Reproduce, exactly as they appear, the line containing "flat_map (fun px" and every line after it, ending with the last line of the records.

(Beginning of DATA)

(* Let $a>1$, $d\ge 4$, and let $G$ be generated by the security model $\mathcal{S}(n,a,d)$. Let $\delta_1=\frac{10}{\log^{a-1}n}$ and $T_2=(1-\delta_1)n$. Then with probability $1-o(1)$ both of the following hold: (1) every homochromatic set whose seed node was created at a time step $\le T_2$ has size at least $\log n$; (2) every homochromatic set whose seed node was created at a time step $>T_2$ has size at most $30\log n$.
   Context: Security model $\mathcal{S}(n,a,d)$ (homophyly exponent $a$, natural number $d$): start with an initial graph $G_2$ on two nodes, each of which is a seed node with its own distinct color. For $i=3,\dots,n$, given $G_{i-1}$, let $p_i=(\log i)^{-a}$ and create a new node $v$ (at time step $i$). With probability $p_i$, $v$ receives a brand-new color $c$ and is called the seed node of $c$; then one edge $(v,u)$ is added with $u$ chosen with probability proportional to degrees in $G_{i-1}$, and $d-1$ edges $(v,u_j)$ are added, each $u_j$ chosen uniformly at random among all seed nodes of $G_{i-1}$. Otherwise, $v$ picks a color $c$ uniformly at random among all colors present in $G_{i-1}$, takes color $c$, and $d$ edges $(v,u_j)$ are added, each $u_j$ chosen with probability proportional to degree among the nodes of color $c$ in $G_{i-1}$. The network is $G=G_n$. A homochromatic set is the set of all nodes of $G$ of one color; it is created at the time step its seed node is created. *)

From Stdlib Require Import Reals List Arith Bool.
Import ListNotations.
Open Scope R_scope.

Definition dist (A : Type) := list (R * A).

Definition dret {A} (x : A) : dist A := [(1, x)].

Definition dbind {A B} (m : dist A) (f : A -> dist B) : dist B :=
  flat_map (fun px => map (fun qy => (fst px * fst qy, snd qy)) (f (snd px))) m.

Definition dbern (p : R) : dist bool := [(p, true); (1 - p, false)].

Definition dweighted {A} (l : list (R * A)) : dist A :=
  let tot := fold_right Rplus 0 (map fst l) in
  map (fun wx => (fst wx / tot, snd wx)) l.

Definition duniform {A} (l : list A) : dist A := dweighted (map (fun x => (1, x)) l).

(End of DATA)

**PROBLEM SOLUTION:**
  flat_map (fun px => map (fun qy => (fst px * fst qy, snd qy)) (f (snd px))) m.

Definition dbern (p : R) : dist bool := [(p, true); (1 - p, false)].

Definition dweighted {A} (l : list (R * A)) : dist A :=
  let tot := fold_right Rplus 0 (map fst l) in
  map (fun wx => (fst wx / tot, snd wx)) l.

Definition duniform {A} (l : list A) : dist A := dweighted (map (fun x => (1, x)) l).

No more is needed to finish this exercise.